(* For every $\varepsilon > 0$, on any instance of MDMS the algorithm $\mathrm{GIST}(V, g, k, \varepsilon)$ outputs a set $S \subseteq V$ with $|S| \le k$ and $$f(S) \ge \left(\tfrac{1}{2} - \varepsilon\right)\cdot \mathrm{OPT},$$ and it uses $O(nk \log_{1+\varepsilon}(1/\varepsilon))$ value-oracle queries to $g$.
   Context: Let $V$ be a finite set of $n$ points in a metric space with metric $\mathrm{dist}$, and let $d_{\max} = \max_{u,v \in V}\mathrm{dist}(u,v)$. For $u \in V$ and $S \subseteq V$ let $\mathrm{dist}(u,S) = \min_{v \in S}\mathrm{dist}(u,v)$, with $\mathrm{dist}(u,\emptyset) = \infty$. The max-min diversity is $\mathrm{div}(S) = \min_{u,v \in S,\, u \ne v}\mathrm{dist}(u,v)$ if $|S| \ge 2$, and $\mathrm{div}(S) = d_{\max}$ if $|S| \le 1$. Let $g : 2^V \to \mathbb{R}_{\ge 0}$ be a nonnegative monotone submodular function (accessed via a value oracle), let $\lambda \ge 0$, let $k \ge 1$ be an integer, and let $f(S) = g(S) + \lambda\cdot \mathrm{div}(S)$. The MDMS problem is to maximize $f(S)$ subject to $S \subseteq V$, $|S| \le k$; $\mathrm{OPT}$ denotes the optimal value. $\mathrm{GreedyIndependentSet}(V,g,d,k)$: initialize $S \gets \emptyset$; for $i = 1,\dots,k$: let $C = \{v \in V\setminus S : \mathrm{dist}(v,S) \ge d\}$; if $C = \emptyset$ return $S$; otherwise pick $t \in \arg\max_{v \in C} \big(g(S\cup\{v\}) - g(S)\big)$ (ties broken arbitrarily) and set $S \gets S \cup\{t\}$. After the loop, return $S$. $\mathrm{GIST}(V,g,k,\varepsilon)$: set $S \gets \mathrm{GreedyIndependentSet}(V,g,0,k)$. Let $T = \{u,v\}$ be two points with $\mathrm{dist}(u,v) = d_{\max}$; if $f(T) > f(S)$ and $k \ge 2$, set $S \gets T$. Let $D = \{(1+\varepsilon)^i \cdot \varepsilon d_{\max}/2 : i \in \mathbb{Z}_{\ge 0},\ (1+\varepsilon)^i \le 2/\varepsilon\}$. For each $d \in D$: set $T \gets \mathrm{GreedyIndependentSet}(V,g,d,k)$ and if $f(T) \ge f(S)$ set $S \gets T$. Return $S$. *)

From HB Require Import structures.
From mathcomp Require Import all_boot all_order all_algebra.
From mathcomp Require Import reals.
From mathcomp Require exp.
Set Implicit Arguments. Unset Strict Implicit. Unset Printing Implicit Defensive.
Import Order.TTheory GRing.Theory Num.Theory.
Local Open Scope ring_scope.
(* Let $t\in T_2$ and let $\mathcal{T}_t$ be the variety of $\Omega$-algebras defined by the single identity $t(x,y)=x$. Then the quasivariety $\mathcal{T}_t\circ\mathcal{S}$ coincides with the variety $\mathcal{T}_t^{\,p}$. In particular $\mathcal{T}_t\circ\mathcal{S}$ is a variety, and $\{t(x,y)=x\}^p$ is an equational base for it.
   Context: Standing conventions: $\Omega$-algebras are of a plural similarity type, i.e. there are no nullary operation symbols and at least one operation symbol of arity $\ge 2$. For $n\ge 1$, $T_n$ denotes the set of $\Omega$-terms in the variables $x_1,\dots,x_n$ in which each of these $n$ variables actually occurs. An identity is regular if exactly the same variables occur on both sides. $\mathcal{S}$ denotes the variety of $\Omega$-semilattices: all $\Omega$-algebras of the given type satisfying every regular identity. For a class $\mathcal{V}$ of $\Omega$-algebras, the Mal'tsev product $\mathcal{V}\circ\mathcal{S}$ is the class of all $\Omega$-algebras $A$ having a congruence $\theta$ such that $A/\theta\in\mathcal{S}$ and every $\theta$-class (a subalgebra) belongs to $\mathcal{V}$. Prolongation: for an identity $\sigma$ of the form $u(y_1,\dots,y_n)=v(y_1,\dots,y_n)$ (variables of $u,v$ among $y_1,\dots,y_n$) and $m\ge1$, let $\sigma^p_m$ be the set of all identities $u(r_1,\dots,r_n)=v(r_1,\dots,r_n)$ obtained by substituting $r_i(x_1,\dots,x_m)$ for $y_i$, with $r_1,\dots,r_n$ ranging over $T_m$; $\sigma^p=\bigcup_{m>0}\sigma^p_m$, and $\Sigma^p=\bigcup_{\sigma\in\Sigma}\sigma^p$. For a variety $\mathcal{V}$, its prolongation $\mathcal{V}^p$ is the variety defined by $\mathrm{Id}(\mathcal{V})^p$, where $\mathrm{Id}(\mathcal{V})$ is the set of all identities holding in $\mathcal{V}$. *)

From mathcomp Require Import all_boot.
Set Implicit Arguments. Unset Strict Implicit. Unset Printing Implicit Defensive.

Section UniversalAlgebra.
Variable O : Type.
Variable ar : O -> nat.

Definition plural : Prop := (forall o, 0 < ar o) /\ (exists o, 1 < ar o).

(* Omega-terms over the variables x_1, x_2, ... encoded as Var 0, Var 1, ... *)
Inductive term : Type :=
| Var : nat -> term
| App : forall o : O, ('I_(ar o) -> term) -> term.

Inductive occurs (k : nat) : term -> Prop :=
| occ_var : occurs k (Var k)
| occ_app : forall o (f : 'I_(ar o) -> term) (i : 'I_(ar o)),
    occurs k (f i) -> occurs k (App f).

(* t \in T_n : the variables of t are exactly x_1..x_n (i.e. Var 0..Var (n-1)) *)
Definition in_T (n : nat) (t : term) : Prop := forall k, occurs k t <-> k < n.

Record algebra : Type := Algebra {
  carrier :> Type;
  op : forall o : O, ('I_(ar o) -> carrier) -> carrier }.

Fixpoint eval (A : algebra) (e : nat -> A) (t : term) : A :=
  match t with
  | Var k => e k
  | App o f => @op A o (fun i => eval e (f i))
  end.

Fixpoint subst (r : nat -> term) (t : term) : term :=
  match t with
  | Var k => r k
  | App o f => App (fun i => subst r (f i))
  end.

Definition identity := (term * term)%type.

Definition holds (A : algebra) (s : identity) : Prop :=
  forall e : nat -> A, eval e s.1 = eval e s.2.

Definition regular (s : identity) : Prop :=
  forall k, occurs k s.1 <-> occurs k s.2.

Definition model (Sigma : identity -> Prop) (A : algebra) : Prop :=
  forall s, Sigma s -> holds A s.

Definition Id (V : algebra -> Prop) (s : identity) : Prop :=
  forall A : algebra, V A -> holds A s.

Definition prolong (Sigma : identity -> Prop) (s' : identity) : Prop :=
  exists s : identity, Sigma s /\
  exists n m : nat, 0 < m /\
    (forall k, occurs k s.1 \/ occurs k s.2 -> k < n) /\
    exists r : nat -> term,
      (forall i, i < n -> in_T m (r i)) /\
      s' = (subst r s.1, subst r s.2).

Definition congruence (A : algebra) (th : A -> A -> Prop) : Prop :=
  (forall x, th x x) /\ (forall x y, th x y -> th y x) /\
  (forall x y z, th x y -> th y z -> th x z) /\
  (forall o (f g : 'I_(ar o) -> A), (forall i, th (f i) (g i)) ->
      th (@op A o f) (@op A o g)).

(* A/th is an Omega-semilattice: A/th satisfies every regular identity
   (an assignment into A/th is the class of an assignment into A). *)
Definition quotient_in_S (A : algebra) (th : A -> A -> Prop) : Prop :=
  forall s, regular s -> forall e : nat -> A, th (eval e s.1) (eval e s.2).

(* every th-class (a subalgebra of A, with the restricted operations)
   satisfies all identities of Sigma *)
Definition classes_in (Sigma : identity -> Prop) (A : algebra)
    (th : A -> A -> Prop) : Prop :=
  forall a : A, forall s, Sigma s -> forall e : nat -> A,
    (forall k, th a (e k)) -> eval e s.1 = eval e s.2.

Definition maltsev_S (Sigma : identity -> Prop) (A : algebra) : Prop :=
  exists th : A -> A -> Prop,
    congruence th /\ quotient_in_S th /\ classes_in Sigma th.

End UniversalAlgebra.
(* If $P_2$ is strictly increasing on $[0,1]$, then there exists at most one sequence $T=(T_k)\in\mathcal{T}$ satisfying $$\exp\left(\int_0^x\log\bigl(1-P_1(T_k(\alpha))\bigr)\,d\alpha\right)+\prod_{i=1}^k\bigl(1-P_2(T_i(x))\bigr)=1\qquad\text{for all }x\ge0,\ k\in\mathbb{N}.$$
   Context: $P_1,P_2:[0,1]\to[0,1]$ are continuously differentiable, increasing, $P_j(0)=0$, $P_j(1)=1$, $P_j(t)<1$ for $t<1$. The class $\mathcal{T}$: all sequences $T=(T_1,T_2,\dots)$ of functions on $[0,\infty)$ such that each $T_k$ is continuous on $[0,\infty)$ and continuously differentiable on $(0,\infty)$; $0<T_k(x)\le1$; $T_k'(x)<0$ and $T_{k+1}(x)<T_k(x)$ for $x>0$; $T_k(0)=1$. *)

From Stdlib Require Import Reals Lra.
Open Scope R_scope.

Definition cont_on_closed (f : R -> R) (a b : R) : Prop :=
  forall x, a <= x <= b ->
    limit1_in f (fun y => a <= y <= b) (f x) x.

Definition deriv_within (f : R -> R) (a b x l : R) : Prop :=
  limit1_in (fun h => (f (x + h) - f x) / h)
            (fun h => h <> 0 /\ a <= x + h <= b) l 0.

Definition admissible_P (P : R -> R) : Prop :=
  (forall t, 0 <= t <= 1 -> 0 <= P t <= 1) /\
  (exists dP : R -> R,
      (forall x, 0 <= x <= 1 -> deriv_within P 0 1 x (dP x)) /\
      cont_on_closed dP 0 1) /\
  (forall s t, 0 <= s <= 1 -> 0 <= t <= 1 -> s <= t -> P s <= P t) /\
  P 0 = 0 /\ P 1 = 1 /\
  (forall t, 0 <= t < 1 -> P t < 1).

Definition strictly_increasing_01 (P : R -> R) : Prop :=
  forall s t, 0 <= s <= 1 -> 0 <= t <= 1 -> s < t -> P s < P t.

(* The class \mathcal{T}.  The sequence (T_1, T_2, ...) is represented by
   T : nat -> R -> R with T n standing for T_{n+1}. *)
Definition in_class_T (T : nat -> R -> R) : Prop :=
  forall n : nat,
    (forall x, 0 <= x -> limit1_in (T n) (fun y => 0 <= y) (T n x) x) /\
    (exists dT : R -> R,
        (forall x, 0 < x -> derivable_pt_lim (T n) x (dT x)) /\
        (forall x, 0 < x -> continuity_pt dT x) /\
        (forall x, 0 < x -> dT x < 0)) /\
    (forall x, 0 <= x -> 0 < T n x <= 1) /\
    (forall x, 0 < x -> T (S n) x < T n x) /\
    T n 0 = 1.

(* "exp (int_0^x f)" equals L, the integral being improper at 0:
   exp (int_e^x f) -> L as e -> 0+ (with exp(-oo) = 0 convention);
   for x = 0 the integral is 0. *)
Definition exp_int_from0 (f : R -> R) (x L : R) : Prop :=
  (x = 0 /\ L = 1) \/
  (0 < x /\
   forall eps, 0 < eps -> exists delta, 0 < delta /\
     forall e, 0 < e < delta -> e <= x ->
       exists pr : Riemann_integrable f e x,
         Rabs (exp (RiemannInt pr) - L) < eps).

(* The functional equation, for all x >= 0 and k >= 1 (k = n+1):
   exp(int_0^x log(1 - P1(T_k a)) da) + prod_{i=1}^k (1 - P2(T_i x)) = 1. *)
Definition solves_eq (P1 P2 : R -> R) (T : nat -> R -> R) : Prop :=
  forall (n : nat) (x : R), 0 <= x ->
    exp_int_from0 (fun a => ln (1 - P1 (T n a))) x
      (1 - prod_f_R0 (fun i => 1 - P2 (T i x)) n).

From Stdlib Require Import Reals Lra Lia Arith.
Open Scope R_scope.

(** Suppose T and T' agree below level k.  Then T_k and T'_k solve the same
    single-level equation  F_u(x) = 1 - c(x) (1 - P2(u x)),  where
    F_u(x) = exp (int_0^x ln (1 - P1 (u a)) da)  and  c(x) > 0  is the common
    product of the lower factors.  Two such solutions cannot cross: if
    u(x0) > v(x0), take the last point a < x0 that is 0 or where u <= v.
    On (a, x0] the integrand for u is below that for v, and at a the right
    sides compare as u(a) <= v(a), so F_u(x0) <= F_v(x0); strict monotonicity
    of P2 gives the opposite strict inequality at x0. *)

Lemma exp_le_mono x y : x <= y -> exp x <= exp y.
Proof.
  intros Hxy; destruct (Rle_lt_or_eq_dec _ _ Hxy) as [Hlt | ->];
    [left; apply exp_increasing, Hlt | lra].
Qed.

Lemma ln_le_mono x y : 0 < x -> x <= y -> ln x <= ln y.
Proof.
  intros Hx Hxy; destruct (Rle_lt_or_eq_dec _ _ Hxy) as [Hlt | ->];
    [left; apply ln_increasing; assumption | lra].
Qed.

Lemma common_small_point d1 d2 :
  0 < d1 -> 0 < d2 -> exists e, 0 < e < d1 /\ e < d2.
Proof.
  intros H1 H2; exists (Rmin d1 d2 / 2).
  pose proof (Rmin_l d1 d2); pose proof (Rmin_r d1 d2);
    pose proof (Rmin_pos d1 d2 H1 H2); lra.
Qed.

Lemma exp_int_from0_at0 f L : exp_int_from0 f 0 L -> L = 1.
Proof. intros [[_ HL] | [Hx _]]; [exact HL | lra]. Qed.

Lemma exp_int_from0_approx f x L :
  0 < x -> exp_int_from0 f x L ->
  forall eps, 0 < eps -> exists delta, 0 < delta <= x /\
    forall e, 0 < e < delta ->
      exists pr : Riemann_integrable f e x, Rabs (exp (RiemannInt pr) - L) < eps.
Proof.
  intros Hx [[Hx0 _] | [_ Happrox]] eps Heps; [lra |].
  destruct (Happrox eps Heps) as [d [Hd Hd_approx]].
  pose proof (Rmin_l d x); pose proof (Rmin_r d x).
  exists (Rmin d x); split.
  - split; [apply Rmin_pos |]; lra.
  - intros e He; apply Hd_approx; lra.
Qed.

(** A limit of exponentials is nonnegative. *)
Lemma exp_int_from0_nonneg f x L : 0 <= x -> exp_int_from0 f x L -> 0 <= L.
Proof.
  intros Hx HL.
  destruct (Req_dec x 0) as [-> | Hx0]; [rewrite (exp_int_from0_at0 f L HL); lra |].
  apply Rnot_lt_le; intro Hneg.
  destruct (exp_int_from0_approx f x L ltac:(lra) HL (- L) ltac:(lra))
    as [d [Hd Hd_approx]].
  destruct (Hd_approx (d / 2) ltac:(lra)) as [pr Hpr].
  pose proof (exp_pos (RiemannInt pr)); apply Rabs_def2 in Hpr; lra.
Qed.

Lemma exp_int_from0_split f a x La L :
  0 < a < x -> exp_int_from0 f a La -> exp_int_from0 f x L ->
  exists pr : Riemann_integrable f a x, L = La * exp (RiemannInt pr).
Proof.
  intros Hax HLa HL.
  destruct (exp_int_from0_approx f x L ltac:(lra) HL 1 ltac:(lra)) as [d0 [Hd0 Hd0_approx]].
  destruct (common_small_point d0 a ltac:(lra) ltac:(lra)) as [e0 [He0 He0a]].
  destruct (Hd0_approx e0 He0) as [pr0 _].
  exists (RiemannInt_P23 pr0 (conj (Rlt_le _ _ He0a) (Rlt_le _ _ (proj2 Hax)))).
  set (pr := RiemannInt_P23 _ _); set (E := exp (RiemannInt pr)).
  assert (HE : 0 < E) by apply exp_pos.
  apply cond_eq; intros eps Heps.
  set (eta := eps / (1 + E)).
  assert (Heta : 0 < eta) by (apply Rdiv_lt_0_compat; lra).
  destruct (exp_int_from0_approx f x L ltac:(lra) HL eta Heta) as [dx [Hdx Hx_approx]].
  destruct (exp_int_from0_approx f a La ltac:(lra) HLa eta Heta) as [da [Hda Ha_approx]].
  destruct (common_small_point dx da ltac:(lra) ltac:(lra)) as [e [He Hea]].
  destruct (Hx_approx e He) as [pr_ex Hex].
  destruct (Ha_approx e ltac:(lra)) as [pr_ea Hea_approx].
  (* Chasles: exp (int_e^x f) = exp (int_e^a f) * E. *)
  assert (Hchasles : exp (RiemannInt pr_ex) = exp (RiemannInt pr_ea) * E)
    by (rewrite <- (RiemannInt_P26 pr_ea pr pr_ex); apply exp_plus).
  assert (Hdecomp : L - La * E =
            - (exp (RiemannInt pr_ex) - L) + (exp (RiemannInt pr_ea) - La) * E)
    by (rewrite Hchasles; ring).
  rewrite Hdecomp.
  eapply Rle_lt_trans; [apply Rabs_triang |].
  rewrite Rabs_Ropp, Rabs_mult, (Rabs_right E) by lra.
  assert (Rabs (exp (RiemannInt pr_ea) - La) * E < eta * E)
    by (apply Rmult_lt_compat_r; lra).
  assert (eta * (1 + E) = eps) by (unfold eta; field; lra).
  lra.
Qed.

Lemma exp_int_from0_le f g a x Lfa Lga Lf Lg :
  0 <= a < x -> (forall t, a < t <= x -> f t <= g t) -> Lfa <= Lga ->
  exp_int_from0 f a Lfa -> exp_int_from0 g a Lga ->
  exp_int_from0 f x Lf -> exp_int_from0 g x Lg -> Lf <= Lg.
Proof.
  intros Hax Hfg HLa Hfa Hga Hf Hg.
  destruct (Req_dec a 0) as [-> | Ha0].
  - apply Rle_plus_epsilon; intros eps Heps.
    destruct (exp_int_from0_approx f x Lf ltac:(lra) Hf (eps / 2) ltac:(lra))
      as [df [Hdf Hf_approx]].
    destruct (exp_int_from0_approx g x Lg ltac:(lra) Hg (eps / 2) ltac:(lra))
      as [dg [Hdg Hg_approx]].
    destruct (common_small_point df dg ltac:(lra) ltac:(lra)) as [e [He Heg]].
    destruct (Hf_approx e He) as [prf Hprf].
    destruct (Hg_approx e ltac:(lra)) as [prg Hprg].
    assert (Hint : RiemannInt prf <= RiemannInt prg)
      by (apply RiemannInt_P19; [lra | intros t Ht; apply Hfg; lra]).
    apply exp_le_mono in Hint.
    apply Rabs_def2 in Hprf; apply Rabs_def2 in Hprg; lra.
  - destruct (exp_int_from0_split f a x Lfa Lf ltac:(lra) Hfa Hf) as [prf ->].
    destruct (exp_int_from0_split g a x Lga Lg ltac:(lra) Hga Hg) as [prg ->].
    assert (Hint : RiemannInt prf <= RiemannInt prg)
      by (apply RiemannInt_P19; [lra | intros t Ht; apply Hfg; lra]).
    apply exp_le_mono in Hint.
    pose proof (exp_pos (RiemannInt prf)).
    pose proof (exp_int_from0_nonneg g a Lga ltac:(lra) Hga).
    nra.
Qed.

● **DESCRIPTION OF THE TASK**: Show every line above in which the word "mathcomp" is found.

● **RESULT BELOW**:
From mathcomp Require Import all_boot all_order all_algebra.
From mathcomp Require Import reals.
From mathcomp Require exp.
From mathcomp Require Import all_boot.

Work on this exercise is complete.